*** Begin section ***

(* Assume (A1), let $f_*\in\mathcal H_K$, let $\theta\in(0,1)$ with $\theta>\frac{q}{q+1}$, let $\eta_t=\eta_1t^{-\theta}$ with $\eta_1$ satisfying (R1), and let $T\ge2$. Let $g_T=a_T$ or $g_T=b_T$. Then $$\mathcal{E}_{\mathbf z}(g_T)-\mathcal{E}_{\mathbf z}(f_* )\le\Big(\frac{2\|f_*\|_K^2}{\eta_1}+\overline C_1\Big)\overline\Lambda_T,$$ where $\overline\Lambda_T=T^{-(1-\theta)}$ if $\theta>\frac{q+1}{q+2}$, $\overline\Lambda_T=(\log T)T^{-(1-\theta)}$ if $\theta=\frac{q+1}{q+2}$, $\overline\Lambda_T=T^{-(\theta(1+q)-q)}$ if $\theta<\frac{q+1}{q+2}$, and $\overline C_1>0$ is a constant depending only on $q,\kappa,\theta,\eta_1,c_q$ (not on $T$, $m$, $\mathbf z$, $f_*$).
   Context: Setting. $X$ is a separable metric space, $Y\subseteq\mathbb{R}$, and $V:\mathbb{R}\times\mathbb{R}\to[0,\infty)$ is a measurable loss, convex in its second argument; $V'_-(y,a)$ denotes the left derivative of $a\mapsto V(y,a)$. A sample $\mathbf{z}=\{(x_i,y_i)\}_{i=1}^m\subset X\times Y$ is given, and $\mathcal{E}_{\mathbf z}(f)=\frac1m\sum_{i=1}^m V(y_i,f(x_i))$ is the empirical risk. $K:X\times X\to\mathbb{R}$ is a reproducing kernel with reproducing kernel Hilbert space $(\mathcal{H}_K,\|\cdot\|_K)$, $K_x=K(x,\cdot)$. Given step sizes $\eta_t>0$, the iterates are $f_1=0$ and $f_{t+1}=f_t-\eta_t\frac1m\sum_{j=1}^m V'_-(y_j,f_t(x_j))K_{x_j}$ for $t=1,\dots,T$. The weighted average iterate is $a_T=\sum_{t=1}^T\omega_tf_t$ with $\omega_t=\eta_t/\sum_{s=1}^T\eta_s$, and the best iterate is $b_T=\arg\min_{t=1,\dots,T}\mathcal{E}_{\mathbf z}(f_t)$. Assumption (A1) (parts used): $\kappa:=\sup_{x\in X}\sqrt{K(x,x)}<\infty$, $|V|_0:=\sup_{y\in Y}V(y,0)<\infty$, and there are $q\ge 0$, $c_q>0$ with $|V'_-(y,a)|\le c_q(1+|a|^q)$ for all $a\in\mathbb{R}$, $y\in Y$. Step-size condition (R1): $0<\eta_1\le\min\Big\{\frac{\sqrt{1-\theta}}{\sqrt2\,c_q(\kappa+1)^{q+1}},\ \frac{1-\theta}{4|V|_0}\Big\}$. *)

From Stdlib Require Import Reals Lra.
Open Scope R_scope.

Fixpoint rsum (n : nat) (f : nat -> R) : R :=
  match n with
  | O => 0
  | S k => rsum k f + f k
  end.

(* |a|^q for q >= 0, with the convention 0^0 = 1 and 0^q = 0 for q > 0. *)
Definition abspow (a q : R) : R :=
  if Rlt_dec 0 (Rabs a) then Rpower (Rabs a) q
  else if Req_EM_T q 0 then 1 else 0.

(* A reproducing kernel Hilbert space over X, given abstractly: a real inner
   product space H whose elements are (injectively) real functions on X via
   [heval], together with the feature map x |-> K_x satisfying the
   reproducing property f(x) = <f, K_x>. *)
Record RKHS (X : Type) := {
  hcar :> Type;
  hzero : hcar;
  hadd : hcar -> hcar -> hcar;
  hscal : R -> hcar -> hcar;
  hip : hcar -> hcar -> R;
  hadd_assoc : forall u v w, hadd u (hadd v w) = hadd (hadd u v) w;
  hadd_comm : forall u v, hadd u v = hadd v u;
  hadd_0 : forall u, hadd u hzero = u;
  hadd_opp : forall u, hadd u (hscal (-1) u) = hzero;
  hscal_1 : forall u, hscal 1 u = u;
  hscal_assoc : forall a b u, hscal a (hscal b u) = hscal (a * b) u;
  hscal_distr_v : forall a u v, hscal a (hadd u v) = hadd (hscal a u) (hscal a v);
  hscal_distr_s : forall a b u, hscal (a + b) u = hadd (hscal a u) (hscal b u);
  hip_sym : forall u v, hip u v = hip v u;
  hip_add_l : forall u v w, hip (hadd u v) w = hip u w + hip v w;
  hip_scal_l : forall a u v, hip (hscal a u) v = a * hip u v;
  hip_pos : forall u, 0 <= hip u u;
  hip_def : forall u, hip u u = 0 -> u = hzero;
  heval : hcar -> X -> R;
  heval_inj : forall f g, (forall x, heval f x = heval g x) -> f = g;
  hfeat : X -> hcar;
  hreprod : forall f x, heval f x = hip f (hfeat x)
}.

Arguments hzero {X} _.
Arguments hadd {X} _ _ _.
Arguments hscal {X} _ _ _.
Arguments hip {X} _ _ _.
Arguments heval {X} _ _ _.
Arguments hfeat {X} _ _.

Definition kern {X} (H : RKHS X) (x y : X) : R := heval H (hfeat H x) y.

Definition hnorm2 {X} (H : RKHS X) (f : H) : R := hip H f f.

Fixpoint hsum {X} (H : RKHS X) (n : nat) (g : nat -> H) : H :=
  match n with
  | O => hzero H
  | S k => hadd H (hsum H k g) (g k)
  end.

Definition emp_risk {X} (H : RKHS X) (V : R -> R -> R) (m : nat)
  (xs : nat -> X) (ys : nat -> R) (f : H) : R :=
  / INR m * rsum m (fun i => V (ys i) (heval H f (xs i))).

Definition step (eta1 theta : R) (t : nat) : R := eta1 * Rpower (INR t) (- theta).

(* Gradient-type iterates: gd k = f_{k+1}, i.e. gd 0 = f_1 = 0 and
   f_{t+1} = f_t - eta_t (1/m) sum_j V'_-(y_j, f_t(x_j)) K_{x_j}. *)
Fixpoint gd {X} (H : RKHS X) (Vd : R -> R -> R) (m : nat)
  (xs : nat -> X) (ys : nat -> R) (eta : nat -> R) (k : nat) : H :=
  match k with
  | O => hzero H
  | S k' =>
      let ft := gd H Vd m xs ys eta k' in
      hadd H ft
        (hscal H (- (eta (S k') / INR m))
           (hsum H m (fun j => hscal H (Vd (ys j) (heval H ft (xs j))) (hfeat H (xs j)))))
  end.

Definition iterate {X} (H : RKHS X) Vd m xs ys eta (t : nat) : H :=
  gd H Vd m xs ys eta (Nat.pred t).

Definition wavg {X} (H : RKHS X) Vd m xs ys (eta : nat -> R) (T : nat) : H :=
  hsum H T (fun i => hscal H (eta (S i) / rsum T (fun s => eta (S s)))
                             (iterate H Vd m xs ys eta (S i))).

Definition LambdaT (q theta : R) (T : nat) : R :=
  let t := INR T in
  if Rlt_dec ((q + 1) / (q + 2)) theta then Rpower t (- (1 - theta))
  else if Req_EM_T theta ((q + 1) / (q + 2)) then ln t * Rpower t (- (1 - theta))
  else Rpower t (- (theta * (1 + q) - q)).

Definition is_left_deriv (V Vd : R -> R -> R) : Prop :=
  forall y a eps, 0 < eps -> exists delta, 0 < delta /\
    forall h, 0 < h < delta ->
      Rabs ((V y a - V y (a - h)) / h - Vd y a) < eps.

Definition convex_second (V : R -> R -> R) : Prop :=
  forall y a b l, 0 <= l <= 1 ->
    V y (l * a + (1 - l) * b) <= l * V y a + (1 - l) * V y b.

(* By convexity, the subgradient inequality yields the one-step estimate
     ||f_{t+1} - f||^2 <= ||f_t - f||^2 - 2 eta_t (E_z(f_t) - E_z(f)) + eta_t^2 ||g_t||^2,
   with ||g_t|| <= kappa max_j |V'_-(y_j, f_t(x_j))|.  For f = 0, together with (R1), it
   gives by induction the a-priori bound ||f_t||^2 <= A t^(1-theta); so f_t grows like
   t^((1-theta)/2) and the noise term eta_t^2 ||g_t||^2 is O(t^(-(theta(q+2)-q))).
   For f = fstar the estimates telescope to
     sum_t 2 eta_t (E_z(f_t) - E_z(fstar)) <= ||fstar||^2 + O(sum_t t^(-(theta(q+2)-q))),
   and dividing by 2 sum_t eta_t >= 2 eta_1 T^(1-theta) bounds the eta-weighted average of
   the excess risks.  The three regimes of Lambda_T are those of this power sum.  Both a_T
   (by Jensen) and b_T (a minimum) have empirical risk at most that weighted average. *)

From Stdlib Require Import Reals Lra Lia.
Open Scope R_scope.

*** End section ***

### Exercise goal:
Pull together all lines from the data that mention the word "heval".

### Expected output:
   [heval], together with the feature map x |-> K_x satisfying the
  heval : hcar -> X -> R;
  heval_inj : forall f g, (forall x, heval f x = heval g x) -> f = g;
  hreprod : forall f x, heval f x = hip f (hfeat x)
Arguments heval {X} _ _ _.
Definition kern {X} (H : RKHS X) (x y : X) : R := heval H (hfeat H x) y.
  / INR m * rsum m (fun i => V (ys i) (heval H f (xs i))).
           (hsum H m (fun j => hscal H (Vd (ys j) (heval H ft (xs j))) (hfeat H (xs j)))))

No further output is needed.